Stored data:
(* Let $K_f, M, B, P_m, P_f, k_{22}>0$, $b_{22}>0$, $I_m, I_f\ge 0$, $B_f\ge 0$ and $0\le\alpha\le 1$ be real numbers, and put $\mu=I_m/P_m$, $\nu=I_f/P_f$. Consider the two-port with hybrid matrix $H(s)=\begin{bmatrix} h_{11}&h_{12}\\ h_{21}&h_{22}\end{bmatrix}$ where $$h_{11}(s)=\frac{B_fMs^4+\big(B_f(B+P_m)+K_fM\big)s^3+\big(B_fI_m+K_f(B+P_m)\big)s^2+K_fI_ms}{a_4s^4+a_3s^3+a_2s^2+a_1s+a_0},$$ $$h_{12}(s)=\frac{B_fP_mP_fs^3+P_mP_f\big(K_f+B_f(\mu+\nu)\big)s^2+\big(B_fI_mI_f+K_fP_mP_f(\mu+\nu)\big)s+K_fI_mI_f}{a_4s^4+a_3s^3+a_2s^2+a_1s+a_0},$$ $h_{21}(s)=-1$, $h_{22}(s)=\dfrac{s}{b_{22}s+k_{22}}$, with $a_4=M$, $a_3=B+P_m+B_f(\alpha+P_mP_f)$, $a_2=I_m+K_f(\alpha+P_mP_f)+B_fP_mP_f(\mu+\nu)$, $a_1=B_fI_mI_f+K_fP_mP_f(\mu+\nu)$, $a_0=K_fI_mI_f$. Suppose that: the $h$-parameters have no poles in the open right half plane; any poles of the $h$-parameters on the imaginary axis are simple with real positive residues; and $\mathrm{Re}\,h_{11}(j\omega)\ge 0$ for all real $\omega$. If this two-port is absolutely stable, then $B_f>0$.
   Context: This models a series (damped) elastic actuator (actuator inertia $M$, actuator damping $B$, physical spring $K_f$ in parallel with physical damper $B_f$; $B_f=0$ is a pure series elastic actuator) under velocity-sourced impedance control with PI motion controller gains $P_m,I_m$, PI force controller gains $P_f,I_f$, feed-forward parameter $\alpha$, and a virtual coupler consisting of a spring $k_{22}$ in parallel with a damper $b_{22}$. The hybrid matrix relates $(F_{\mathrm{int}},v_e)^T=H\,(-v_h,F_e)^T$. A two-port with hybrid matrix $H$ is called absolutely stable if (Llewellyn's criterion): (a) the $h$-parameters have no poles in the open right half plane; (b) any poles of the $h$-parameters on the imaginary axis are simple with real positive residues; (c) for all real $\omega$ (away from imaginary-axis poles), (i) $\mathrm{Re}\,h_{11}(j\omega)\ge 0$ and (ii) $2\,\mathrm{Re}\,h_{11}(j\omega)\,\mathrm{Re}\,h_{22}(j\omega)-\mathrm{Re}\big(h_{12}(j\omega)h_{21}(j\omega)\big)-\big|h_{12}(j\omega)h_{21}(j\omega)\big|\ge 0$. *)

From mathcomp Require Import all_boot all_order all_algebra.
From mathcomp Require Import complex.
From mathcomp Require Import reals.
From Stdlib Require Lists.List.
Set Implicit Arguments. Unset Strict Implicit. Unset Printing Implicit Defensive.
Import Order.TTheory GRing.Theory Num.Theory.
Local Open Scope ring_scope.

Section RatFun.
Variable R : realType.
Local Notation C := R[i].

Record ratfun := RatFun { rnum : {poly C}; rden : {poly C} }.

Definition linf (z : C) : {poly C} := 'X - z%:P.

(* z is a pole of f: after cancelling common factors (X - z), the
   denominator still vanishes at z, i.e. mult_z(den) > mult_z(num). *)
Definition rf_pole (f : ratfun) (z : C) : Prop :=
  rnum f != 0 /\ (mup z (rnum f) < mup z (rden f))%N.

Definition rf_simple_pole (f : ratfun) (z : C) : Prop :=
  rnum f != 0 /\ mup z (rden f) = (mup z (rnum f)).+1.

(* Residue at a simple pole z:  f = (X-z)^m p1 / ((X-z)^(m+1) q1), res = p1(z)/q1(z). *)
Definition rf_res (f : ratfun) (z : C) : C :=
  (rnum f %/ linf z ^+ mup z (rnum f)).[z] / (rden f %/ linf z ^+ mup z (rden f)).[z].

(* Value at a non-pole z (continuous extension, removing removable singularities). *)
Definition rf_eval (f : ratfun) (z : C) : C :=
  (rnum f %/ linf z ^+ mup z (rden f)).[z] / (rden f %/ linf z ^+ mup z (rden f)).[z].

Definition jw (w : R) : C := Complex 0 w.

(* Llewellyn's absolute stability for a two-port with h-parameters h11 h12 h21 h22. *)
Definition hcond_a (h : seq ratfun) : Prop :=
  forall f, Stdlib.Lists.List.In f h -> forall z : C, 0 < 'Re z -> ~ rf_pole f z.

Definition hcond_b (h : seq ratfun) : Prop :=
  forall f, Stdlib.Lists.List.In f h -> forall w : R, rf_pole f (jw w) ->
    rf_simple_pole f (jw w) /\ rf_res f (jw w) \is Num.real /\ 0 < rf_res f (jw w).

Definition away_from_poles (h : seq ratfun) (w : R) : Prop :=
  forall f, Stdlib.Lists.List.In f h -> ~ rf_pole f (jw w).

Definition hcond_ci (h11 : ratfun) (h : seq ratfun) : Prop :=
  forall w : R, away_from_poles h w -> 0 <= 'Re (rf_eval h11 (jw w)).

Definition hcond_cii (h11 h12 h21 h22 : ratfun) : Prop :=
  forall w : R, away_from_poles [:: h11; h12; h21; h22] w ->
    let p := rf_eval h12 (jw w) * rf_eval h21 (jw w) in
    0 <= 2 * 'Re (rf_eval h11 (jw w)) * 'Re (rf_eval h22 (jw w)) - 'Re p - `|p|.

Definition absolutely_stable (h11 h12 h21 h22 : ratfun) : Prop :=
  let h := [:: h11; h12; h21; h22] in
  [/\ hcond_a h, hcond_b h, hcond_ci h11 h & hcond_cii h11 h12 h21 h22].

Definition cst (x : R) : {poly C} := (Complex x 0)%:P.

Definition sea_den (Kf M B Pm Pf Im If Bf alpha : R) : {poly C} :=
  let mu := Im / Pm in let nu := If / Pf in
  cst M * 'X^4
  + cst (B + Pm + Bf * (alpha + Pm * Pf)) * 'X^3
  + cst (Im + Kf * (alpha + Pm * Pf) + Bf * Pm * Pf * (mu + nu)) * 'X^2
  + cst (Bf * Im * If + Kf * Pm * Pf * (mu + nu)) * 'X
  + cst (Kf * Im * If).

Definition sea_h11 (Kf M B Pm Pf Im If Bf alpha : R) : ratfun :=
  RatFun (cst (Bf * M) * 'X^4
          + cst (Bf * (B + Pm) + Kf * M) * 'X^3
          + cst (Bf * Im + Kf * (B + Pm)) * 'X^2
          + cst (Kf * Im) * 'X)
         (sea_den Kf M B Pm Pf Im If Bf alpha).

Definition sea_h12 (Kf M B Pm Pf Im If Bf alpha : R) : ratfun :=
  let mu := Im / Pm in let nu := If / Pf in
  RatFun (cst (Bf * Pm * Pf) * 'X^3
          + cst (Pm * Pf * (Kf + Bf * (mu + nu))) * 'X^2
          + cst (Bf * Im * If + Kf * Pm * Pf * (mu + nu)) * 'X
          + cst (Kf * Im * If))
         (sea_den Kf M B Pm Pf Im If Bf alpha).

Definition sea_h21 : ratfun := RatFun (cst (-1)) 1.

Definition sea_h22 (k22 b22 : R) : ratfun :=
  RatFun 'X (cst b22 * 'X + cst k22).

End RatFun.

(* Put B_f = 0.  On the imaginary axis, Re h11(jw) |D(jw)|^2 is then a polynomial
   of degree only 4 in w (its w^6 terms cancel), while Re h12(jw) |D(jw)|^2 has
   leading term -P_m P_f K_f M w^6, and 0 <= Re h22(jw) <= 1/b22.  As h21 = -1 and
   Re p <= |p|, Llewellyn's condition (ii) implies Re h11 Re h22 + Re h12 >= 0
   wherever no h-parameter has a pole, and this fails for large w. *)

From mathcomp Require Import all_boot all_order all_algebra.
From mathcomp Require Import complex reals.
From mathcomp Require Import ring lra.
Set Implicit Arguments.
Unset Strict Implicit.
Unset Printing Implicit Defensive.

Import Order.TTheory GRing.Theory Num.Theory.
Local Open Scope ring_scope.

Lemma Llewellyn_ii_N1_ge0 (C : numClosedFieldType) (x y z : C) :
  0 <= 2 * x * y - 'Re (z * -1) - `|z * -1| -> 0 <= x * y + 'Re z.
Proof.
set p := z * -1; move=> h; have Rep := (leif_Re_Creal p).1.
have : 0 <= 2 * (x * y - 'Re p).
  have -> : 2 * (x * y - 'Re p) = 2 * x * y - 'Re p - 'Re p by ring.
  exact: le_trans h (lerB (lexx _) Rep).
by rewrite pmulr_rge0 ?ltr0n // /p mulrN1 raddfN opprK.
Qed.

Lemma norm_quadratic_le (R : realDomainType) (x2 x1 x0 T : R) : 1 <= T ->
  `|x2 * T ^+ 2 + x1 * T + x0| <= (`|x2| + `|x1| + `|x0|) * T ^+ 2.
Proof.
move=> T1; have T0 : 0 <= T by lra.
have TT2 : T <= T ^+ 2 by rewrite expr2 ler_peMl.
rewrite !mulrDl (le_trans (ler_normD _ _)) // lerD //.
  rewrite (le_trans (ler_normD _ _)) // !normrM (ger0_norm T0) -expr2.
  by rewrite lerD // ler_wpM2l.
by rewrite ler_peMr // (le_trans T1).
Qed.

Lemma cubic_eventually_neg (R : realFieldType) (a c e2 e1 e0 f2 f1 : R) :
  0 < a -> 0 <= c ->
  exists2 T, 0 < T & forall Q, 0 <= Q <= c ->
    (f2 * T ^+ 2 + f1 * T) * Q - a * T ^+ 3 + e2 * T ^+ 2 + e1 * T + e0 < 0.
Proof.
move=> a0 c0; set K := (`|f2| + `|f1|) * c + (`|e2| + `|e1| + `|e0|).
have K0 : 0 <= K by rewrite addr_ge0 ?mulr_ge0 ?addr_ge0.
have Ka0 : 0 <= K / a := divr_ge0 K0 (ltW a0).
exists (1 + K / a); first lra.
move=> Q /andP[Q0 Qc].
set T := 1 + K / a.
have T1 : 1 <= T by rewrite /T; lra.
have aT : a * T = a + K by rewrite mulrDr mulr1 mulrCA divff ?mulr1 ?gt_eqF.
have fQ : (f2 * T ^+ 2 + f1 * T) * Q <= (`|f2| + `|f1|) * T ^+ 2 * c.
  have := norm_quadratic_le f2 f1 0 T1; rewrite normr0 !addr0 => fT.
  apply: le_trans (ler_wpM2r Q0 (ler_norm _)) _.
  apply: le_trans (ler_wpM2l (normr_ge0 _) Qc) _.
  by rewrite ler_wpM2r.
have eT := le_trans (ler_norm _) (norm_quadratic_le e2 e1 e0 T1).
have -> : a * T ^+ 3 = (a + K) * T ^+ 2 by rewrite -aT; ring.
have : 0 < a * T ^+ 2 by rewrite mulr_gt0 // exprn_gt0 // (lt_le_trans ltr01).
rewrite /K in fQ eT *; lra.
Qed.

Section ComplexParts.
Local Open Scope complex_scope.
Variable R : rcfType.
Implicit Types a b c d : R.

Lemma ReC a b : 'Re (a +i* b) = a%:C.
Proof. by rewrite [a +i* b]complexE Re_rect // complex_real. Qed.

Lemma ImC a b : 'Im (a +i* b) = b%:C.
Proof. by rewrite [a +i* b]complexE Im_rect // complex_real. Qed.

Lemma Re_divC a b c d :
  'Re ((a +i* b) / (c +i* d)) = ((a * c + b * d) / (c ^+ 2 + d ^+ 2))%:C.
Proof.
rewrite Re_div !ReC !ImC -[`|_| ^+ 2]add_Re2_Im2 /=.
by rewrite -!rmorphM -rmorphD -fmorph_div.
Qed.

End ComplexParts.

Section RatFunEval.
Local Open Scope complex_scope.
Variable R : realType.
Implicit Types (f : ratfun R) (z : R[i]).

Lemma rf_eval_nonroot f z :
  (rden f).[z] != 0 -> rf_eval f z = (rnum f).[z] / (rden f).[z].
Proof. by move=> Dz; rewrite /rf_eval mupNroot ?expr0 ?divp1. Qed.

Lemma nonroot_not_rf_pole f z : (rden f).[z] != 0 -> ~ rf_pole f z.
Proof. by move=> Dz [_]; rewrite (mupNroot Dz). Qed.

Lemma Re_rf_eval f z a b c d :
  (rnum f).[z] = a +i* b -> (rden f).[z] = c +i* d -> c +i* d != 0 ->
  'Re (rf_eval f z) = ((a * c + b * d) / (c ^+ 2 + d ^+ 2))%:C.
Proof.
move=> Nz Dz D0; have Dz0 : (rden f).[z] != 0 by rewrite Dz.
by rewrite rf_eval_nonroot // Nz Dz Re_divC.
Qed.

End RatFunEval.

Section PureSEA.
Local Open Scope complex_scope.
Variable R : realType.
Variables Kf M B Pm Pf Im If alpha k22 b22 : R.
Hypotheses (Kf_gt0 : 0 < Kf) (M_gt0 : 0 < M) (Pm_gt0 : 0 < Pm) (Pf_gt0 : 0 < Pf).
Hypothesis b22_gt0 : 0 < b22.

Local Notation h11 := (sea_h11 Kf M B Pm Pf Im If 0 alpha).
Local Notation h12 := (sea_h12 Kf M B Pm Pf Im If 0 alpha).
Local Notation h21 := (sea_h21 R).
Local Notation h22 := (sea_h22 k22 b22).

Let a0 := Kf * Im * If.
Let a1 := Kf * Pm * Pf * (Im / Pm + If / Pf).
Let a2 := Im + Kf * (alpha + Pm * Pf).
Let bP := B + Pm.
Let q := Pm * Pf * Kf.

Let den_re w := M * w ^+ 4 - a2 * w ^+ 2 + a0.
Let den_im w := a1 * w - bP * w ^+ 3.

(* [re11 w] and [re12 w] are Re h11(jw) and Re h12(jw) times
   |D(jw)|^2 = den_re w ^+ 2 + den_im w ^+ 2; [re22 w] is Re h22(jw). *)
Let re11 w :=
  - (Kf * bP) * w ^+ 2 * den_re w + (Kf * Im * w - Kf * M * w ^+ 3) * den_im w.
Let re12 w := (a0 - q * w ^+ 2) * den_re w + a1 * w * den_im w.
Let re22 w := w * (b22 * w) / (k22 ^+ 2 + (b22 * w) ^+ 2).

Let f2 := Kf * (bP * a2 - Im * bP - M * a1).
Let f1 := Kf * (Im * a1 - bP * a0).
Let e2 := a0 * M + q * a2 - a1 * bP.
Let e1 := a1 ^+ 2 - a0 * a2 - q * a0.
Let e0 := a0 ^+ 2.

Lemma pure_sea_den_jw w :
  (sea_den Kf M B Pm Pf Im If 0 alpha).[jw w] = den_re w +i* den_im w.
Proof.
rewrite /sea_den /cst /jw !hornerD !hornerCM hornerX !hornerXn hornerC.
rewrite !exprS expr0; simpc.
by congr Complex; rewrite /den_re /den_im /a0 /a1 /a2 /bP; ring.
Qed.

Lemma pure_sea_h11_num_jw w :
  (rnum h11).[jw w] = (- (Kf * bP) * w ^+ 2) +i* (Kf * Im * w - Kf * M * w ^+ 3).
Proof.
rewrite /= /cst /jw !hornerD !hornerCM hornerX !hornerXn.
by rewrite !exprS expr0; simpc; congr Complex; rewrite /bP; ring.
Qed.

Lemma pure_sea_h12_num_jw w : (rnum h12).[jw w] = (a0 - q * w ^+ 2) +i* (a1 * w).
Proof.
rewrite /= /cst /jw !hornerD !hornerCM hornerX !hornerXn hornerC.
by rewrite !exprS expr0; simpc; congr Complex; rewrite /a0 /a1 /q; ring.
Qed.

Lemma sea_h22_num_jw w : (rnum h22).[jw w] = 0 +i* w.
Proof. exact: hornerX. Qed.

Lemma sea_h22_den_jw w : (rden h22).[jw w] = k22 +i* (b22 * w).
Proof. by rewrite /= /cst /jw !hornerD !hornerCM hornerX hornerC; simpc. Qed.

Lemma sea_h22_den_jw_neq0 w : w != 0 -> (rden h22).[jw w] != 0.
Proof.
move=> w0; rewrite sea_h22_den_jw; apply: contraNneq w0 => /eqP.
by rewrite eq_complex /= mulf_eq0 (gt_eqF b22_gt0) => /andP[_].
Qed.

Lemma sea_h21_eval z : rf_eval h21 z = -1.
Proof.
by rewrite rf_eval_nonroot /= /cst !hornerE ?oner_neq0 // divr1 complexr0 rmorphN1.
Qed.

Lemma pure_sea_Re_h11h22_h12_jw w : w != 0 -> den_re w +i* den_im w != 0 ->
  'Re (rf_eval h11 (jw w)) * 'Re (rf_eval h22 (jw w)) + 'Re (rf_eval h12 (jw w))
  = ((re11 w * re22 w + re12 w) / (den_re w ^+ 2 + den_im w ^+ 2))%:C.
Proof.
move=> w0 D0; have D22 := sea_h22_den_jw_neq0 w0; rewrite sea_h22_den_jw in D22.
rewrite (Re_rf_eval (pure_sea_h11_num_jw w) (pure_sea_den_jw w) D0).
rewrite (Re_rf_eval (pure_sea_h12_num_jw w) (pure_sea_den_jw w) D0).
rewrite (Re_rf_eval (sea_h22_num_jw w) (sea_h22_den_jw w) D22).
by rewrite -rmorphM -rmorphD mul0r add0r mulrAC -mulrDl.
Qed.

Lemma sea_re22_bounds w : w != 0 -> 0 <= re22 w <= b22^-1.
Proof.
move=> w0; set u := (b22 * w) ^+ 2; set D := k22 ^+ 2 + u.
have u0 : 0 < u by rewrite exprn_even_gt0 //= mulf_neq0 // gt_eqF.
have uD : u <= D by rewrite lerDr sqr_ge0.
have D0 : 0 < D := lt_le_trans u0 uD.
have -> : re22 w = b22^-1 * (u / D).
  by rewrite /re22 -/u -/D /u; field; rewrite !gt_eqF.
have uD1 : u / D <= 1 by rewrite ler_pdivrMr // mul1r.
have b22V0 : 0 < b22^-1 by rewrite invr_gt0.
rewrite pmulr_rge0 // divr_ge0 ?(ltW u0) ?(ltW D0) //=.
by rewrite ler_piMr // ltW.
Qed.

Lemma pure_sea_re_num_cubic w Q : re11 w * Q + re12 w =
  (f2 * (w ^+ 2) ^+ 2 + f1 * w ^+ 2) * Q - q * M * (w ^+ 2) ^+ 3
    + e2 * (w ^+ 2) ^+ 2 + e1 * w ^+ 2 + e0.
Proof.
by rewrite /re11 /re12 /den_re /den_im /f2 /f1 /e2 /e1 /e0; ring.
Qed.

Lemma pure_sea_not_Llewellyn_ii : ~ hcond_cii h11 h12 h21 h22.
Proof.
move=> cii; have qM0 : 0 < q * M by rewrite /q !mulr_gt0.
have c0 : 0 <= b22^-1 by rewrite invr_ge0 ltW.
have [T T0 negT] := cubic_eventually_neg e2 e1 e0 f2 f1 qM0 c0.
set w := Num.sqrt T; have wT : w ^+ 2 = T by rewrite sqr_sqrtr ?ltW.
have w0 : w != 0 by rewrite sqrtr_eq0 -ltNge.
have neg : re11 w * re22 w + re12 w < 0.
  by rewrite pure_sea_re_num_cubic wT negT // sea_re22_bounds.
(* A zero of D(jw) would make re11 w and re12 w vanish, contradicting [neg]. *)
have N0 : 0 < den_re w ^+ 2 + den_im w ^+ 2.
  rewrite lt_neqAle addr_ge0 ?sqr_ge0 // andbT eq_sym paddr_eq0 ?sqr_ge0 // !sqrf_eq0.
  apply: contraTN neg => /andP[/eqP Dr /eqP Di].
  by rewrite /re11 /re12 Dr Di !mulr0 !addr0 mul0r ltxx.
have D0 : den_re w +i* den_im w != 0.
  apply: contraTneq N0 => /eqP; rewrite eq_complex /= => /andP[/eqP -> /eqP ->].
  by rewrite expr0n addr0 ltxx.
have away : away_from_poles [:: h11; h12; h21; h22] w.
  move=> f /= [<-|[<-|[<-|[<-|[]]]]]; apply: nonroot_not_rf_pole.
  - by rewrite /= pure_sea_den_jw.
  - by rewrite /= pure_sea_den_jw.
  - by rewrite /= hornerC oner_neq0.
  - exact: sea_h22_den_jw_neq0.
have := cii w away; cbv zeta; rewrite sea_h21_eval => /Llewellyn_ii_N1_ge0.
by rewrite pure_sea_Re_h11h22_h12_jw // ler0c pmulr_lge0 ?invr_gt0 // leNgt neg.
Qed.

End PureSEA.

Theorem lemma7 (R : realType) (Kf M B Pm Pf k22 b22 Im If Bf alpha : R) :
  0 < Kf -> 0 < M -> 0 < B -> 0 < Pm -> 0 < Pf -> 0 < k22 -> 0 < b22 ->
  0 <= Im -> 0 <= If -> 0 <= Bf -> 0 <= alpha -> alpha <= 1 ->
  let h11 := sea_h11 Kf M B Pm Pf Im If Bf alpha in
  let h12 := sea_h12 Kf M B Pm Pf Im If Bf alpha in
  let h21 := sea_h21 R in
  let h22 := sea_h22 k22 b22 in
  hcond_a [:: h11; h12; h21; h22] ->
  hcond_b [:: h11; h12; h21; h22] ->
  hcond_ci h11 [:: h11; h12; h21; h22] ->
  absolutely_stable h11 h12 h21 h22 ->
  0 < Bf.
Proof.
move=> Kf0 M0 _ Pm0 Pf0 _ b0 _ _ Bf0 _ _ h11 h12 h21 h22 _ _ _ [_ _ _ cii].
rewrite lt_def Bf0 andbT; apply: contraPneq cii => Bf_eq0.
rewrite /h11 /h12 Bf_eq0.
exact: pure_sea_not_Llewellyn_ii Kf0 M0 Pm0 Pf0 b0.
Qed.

Aim of the exercise ->
Would you please copy exactly the part of the entries above that begins at the line containing "by rewrite /re11 /re12 /den_re" and ends at the line containing "have N0 : 0 < den_re w ^+ 2 + den_im w ^+ 2.", both lines included?

Solved exercise ->
by rewrite /re11 /re12 /den_re /den_im /f2 /f1 /e2 /e1 /e0; ring.
Qed.

Lemma pure_sea_not_Llewellyn_ii : ~ hcond_cii h11 h12 h21 h22.
Proof.
move=> cii; have qM0 : 0 < q * M by rewrite /q !mulr_gt0.
have c0 : 0 <= b22^-1 by rewrite invr_ge0 ltW.
have [T T0 negT] := cubic_eventually_neg e2 e1 e0 f2 f1 qM0 c0.
set w := Num.sqrt T; have wT : w ^+ 2 = T by rewrite sqr_sqrtr ?ltW.
have w0 : w != 0 by rewrite sqrtr_eq0 -ltNge.
have neg : re11 w * re22 w + re12 w < 0.
  by rewrite pure_sea_re_num_cubic wT negT // sea_re22_bounds.
(* A zero of D(jw) would make re11 w and re12 w vanish, contradicting [neg]. *)
have N0 : 0 < den_re w ^+ 2 + den_im w ^+ 2.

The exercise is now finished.